■ WORK TASK
In the data below, find the line containing "(y \in minopen", then set down that line and every later line up to and including the line containing "Lemma paired_labelling_rshift i", exactly.
──────────────────────────────
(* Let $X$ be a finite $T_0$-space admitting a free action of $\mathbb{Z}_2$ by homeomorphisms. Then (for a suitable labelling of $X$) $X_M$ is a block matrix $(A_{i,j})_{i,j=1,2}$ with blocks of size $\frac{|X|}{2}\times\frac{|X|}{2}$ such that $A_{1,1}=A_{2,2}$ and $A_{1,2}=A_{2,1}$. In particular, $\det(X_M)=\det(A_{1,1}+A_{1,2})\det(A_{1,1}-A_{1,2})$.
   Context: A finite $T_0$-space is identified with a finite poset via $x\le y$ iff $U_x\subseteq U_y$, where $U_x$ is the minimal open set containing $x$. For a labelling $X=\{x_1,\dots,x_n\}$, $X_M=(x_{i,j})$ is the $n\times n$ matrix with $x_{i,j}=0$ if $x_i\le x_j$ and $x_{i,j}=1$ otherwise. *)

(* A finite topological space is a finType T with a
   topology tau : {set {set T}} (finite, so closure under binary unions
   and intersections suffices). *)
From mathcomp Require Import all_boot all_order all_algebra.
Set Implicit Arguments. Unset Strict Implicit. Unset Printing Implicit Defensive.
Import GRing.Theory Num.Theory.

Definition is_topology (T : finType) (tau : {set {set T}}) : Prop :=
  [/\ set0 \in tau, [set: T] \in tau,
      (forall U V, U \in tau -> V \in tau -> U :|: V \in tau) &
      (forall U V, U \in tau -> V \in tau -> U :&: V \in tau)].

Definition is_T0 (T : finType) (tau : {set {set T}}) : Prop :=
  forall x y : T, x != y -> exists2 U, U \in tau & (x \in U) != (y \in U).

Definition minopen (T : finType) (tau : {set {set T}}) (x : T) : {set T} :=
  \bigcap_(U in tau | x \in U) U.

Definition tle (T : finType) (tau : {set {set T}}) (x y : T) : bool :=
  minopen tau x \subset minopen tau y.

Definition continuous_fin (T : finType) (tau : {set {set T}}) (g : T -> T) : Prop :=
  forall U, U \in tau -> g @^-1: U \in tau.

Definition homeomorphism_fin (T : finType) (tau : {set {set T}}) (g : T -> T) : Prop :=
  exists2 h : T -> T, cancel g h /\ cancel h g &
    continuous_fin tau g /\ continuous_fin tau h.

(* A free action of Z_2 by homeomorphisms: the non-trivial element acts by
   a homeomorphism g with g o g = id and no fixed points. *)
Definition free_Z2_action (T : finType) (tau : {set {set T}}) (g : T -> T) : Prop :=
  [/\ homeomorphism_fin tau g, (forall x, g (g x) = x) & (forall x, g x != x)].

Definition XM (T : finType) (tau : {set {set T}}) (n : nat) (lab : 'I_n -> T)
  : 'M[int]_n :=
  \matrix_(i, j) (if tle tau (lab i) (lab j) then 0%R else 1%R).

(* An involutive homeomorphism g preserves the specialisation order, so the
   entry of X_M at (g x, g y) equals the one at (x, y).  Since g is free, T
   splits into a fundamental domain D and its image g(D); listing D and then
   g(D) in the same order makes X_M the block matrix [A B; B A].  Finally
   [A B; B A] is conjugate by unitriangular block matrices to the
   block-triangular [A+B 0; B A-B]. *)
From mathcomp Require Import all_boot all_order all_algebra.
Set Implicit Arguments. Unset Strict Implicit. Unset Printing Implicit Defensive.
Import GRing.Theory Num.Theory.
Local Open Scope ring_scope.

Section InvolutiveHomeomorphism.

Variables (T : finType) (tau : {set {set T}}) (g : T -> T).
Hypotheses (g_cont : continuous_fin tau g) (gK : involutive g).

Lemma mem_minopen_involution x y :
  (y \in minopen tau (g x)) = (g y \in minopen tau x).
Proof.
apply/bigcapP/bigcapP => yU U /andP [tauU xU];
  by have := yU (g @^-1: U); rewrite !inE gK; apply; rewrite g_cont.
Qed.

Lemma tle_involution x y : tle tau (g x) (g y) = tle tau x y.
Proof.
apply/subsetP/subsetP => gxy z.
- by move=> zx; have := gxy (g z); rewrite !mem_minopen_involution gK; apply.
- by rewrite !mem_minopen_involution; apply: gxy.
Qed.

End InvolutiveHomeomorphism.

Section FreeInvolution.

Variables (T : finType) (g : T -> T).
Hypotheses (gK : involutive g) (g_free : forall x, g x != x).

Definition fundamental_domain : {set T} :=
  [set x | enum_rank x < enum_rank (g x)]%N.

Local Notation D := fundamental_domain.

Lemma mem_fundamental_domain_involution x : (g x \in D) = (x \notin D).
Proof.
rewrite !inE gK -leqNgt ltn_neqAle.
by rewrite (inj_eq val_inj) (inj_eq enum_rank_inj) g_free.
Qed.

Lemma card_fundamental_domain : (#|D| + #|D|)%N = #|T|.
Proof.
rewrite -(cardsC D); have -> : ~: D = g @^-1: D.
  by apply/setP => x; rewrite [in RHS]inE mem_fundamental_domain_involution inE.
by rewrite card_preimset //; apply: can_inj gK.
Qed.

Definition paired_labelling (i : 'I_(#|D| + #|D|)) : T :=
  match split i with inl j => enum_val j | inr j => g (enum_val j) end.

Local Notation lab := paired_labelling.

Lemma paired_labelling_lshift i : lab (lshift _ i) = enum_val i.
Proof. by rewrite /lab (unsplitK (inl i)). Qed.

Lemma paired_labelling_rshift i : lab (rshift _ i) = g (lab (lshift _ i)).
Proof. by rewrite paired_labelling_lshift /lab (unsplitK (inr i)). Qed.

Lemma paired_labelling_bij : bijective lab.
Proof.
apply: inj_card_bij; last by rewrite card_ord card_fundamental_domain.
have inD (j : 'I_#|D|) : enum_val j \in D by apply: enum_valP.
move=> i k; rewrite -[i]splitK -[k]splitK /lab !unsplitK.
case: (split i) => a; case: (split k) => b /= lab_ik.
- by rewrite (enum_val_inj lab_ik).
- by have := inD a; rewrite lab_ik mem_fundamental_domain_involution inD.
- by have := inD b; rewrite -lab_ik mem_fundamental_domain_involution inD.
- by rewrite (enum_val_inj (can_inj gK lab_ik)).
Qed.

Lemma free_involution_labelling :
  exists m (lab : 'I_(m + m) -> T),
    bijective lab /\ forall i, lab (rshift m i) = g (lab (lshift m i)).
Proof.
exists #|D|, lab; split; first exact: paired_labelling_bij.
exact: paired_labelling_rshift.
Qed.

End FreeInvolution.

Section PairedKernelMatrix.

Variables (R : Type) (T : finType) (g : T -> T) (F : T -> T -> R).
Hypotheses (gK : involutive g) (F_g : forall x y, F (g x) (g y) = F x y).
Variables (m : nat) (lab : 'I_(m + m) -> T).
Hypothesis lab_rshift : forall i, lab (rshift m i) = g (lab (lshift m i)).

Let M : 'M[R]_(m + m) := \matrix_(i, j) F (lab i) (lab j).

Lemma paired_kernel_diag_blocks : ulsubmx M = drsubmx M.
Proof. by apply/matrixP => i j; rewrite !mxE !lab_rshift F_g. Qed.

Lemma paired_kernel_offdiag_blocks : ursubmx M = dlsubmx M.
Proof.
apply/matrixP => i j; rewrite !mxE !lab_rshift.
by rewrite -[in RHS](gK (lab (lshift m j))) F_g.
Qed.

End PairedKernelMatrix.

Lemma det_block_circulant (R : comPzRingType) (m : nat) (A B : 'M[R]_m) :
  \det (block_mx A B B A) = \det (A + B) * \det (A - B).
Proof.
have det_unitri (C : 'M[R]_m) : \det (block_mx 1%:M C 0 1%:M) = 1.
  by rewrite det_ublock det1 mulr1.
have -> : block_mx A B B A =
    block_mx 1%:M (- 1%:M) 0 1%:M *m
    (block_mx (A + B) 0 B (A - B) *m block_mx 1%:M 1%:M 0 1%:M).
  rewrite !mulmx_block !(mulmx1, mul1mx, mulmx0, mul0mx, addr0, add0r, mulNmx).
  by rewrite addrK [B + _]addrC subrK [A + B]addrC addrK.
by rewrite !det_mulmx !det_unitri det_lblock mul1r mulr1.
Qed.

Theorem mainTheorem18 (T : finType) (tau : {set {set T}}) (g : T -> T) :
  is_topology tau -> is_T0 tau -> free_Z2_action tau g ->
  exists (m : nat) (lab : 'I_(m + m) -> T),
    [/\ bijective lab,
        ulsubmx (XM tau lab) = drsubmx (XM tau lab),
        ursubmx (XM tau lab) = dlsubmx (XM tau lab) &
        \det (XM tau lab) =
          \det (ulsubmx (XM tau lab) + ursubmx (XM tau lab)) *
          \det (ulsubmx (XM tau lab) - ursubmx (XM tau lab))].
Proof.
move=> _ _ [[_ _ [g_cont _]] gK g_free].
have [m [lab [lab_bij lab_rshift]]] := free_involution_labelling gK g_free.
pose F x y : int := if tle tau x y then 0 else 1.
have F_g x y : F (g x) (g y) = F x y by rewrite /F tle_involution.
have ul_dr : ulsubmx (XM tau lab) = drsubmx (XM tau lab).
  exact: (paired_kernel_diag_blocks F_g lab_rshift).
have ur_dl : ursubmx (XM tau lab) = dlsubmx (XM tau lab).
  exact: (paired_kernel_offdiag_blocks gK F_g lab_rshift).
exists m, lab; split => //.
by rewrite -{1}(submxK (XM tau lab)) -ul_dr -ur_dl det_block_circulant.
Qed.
──────────────────────────────
■ WRITTEN SOLUTION
  (y \in minopen tau (g x)) = (g y \in minopen tau x).
Proof.
apply/bigcapP/bigcapP => yU U /andP [tauU xU];
  by have := yU (g @^-1: U); rewrite !inE gK; apply; rewrite g_cont.
Qed.

Lemma tle_involution x y : tle tau (g x) (g y) = tle tau x y.
Proof.
apply/subsetP/subsetP => gxy z.
- by move=> zx; have := gxy (g z); rewrite !mem_minopen_involution gK; apply.
- by rewrite !mem_minopen_involution; apply: gxy.
Qed.

End InvolutiveHomeomorphism.

Section FreeInvolution.

Variables (T : finType) (g : T -> T).
Hypotheses (gK : involutive g) (g_free : forall x, g x != x).

Definition fundamental_domain : {set T} :=
  [set x | enum_rank x < enum_rank (g x)]%N.

Local Notation D := fundamental_domain.

Lemma mem_fundamental_domain_involution x : (g x \in D) = (x \notin D).
Proof.
rewrite !inE gK -leqNgt ltn_neqAle.
by rewrite (inj_eq val_inj) (inj_eq enum_rank_inj) g_free.
Qed.

Lemma card_fundamental_domain : (#|D| + #|D|)%N = #|T|.
Proof.
rewrite -(cardsC D); have -> : ~: D = g @^-1: D.
  by apply/setP => x; rewrite [in RHS]inE mem_fundamental_domain_involution inE.
by rewrite card_preimset //; apply: can_inj gK.
Qed.

Definition paired_labelling (i : 'I_(#|D| + #|D|)) : T :=
  match split i with inl j => enum_val j | inr j => g (enum_val j) end.

Local Notation lab := paired_labelling.

Lemma paired_labelling_lshift i : lab (lshift _ i) = enum_val i.
Proof. by rewrite /lab (unsplitK (inl i)). Qed.

Lemma paired_labelling_rshift i : lab (rshift _ i) = g (lab (lshift _ i)).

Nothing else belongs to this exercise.